Pre-Requisites

Every pre-medical student knows the struggles of the weed-out pre-requisite courses, including chemistry, biology, physics, biochemistry, and, most challenging of all, organic chemistry. These courses are required for admission into UW majors, completing pre-medical degrees, and applying to medical school. While I greatly enjoyed biology and, to my surprise, physics, I struggled with chemistry. I really wanted to be the pre-medical student who fell in love with organic chemistry, but no matter how much I studied, I still really struggled to grasp the content. My brain struggled to think in 3D and reorient molecules in my mind, which greatly limited my ability to write out synthesis reactions. My lowest exam grades from all my time at UW were in Honors Organic Chemistry II. While I was disheartened and frustrated, my first honors organic chemistry professor, Dr. Chatterjee, told me something I'll never forget: "If you're trying really hard at something and it's not working, maybe that's not what you're meant to do." As someone who tries to be perfect at everything, hearing this really changed my perspective. My perfectionism was crippling, and obstructing my view of my end-goal. I do not want to pursue organic chemistry as my career, so perhaps my struggle with it is perfectly okay. I loved and found easier success with biology, which is much closer to my dreams of becoming a physician. Ultimately, I walked away from my organic chemistry failures, feeling content that they were hard because they allowed me to explore my limits.

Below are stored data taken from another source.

(* Consider Dynamic A* (with \texttt{reeval} true or false) using a dyn-monotonic dynamic heuristic. Let $\langle s,\hat g,\hat h\rangle$ be an entry popped from Open at time $t_{\mathrm{pop}}$ (the start $\langle i,0\rangle$ of some iteration $i$). If $s\notin$ Closed at time $t_{\mathrm{pop}}$, then $\hat g+\hat h\le g^{t_{\mathrm{pop}}}(s)+h^{t_{\mathrm{pop}}}(s)$.
   Context: A transition system is $\mathcal T=\langle S,L,c,T,s_I,S_G\rangle$ with finite states $S$, finite labels $L$, cost function $c:L\to\mathbb R_{\ge0}$, transitions $T\subseteq S\times L\times S$, initial state $s_I$, goal states $S_G\subseteq S$. An information source $\sigma$ consists of a set $\mathcal I_\sigma$, $\iota_0^\sigma\in\mathcal I_\sigma$, $\mathrm{update}_\sigma:\mathcal I_\sigma\times T\to\mathcal I_\sigma$, $\mathrm{refine}_\sigma:\mathcal I_\sigma\times S\to\mathcal I_\sigma$. Reachable information: $\iota_n$ is reachable if obtained from $\iota_0^\sigma$ by a sequence of refine steps on states and update steps on transitions $e_1,\dots,e_n$, where each refined state and each origin of an updated transition is $s_I$ or the target of an earlier updated transition. A dynamic heuristic over $\sigma$ is $h:S\times\mathcal I_\sigma\to\mathbb R_{\ge0}\cup\{\infty\}$; it is dyn-monotonic if $h(s,\iota)\le h(s,\mathrm{update}_\sigma(\iota,t))$ and $h(s,\iota)\le h(s,\mathrm{refine}_\sigma(\iota,s'))$ for all reachable $\iota$, all $s,s'\in S$ and all $t\in T$. Parent source $\sigma_p$: $\mathcal I_{\sigma_p}$ = partial functions $S\rightharpoonup\mathbb R_{\ge0}\times(T\cup\{\bot\})$; $\iota_0=\{s_I\mapsto\langle0,\bot\rangle\}$; refine is the identity; $\mathrm{update}(\iota,\langle s,\ell,s'\rangle)$ with $\iota(s)=\langle g,\cdot\rangle$ changes only $s'$, setting it to $\langle g+c(\ell),\langle s,\ell,s'\rangle\rangle$ if $\iota(s')$ is undefined or has $g$-component $\ge g+c(\ell)$, otherwise unchanged. Dynamic A* takes $\mathcal T$, sources $\sigma_p,\sigma_h$, a dynamic heuristic $h$ over $\sigma_h$ and a Boolean flag \texttt{reeval}. Notation: at any moment $g(s)$ is the $g$-component of the current $\mathcal I(\sigma_p)(s)$ and $h(s)$ denotes $h(s,\mathcal I(\sigma_h))$ for the current $\mathcal I(\sigma_h)$. Open is a priority queue of entries $\langle s,g,h\rangle$ (duplicates allowed), popped by minimal stored value $g+h$ (ties arbitrary). Algorithm: 1. $\mathcal I(\sigma):=\iota_0^\sigma$ for both sources; $S_{\mathrm{known}}:=\{s_I\}$; Closed $:=\emptyset$; Open empty. If $h(s_I)<\infty$ insert $\langle s_I,g(s_I),h(s_I)\rangle$. 2. While Open is nonempty: pop an entry $\langle s,\hat g,\hat h\rangle$ of minimal $\hat g+\hat h$. If $s\in$ Closed, continue with the next iteration. Otherwise set $\mathcal I(\sigma):=\mathrm{refine}_\sigma(\mathcal I(\sigma),s)$ for both sources. If \texttt{reeval} is true and $\hat h<h(s)$: if $h(s)<\infty$ insert $\langle s,g(s),h(s)\rangle$; continue with the next iteration (this is a re-evaluation). Otherwise add $s$ to Closed ($s$ is expanded). If $s\in S_G$, return the path obtained by following the parent pointers of $\mathcal I(\sigma_p)$ from $s$ back to $s_I$. Otherwise, for each $t=\langle s,\ell,s'\rangle\in T$ in some order: let $old:=g(s')$ if $s'\in S_{\mathrm{known}}$ and undefined otherwise; set $\mathcal I(\sigma):=\mathrm{update}_\sigma(\mathcal I(\sigma),t)$ for both sources; add $s'$ to $S_{\mathrm{known}}$; if $h(s')=\infty$ skip $s'$; else if $old$ is undefined insert $\langle s',g(s'),h(s')\rangle$; else if $old>g(s')$, remove $s'$ from Closed if it is there (reopening) and insert $\langle s',g(s'),h(s')\rangle$. 3. Return ''unsolvable''. Times: the iterations of the while loop are numbered $i=1,2,\dots$ (iteration $i$ begins just before its pop); within iteration $i$ a step counter $j$ is $0$ at the start, becomes $1$ after the refine step, and increases by $1$ after each update step on a successor transition. Time $\langle i,j\rangle$ (time $\langle0,0\rangle$ is the initialization) is ordered lexicographically, and $g^{i,j}(s)$, $h^{i,j}(s)$ denote $g(s)$ and $h(s)$ with the information current at that time. *)

From HB Require Import structures.
From mathcomp Require Import all_boot all_order all_algebra.
Set Implicit Arguments. Unset Strict Implicit. Unset Printing Implicit Defensive.
Import Order.TTheory GRing.Theory Num.Theory.
Local Open Scope ring_scope.

(* Extended nonnegative values R_{>=0} \cup {oo}: [None] encodes oo. *)
Definition ext_lt (R : realDomainType) (a b : option R) : bool :=
  match a, b with
  | Some x, Some y => x < y
  | Some _, None => true
  | None, _ => false
  end.

Definition ext_le (R : realDomainType) (a b : option R) : bool :=
  match a, b with
  | Some x, Some y => x <= y
  | _, None => true
  | None, Some _ => false
  end.

Record source (S L : finType) := Source {
  info : Type;
  info0 : info;
  upd : info -> (S * L * S) -> info;
  rfn : info -> S -> info
}.

Section DynAStar.
Variables (R : realDomainType) (S L : finType).
Variable c : L -> R.
Variable T : {set (S * L * S)}.
Variable sI : S.
Variable SG : {set S}.

Definition trans := (S * L * S)%type.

"If you're trying really hard at something and it's not working, maybe that's not what you're meant to do."
My pre-requisite courses included many hands-on demonstrations or labs where I discovered that I learn best via hands-on practice. From titrations, quantum dots, unknown labs, anatomy explorations, class demonstrations, and even plant labs, I was forming my foundation of scientific knowledge. Each class served as a new lens through which to view a problem. At times, I was confused why certain classes were required for my degree and career path, but pre-requisite and weed-out courses served a greater purpose of challenging me. I was challenged to overcome my fear of failure, learn how to prioritize my time, and notice what topics resonated with me.
Each class served as a new lens through which to view a problem.
I used to think that one misstep, one minor mistake, would be catastrophic. I would pour countless hours into succeeding, not considering that maybe my weaknesses served a greater purpose in guiding me to where I was meant to be. I can’t say whether this was learned through repeatedly failing and adapting or actually learning to be truly okay with failure, but the end result is what’s important. I am still a work in progress. Failures don’t always just roll off my back, but they’re a little more willing to start rolling now that I’ve had some practice with them.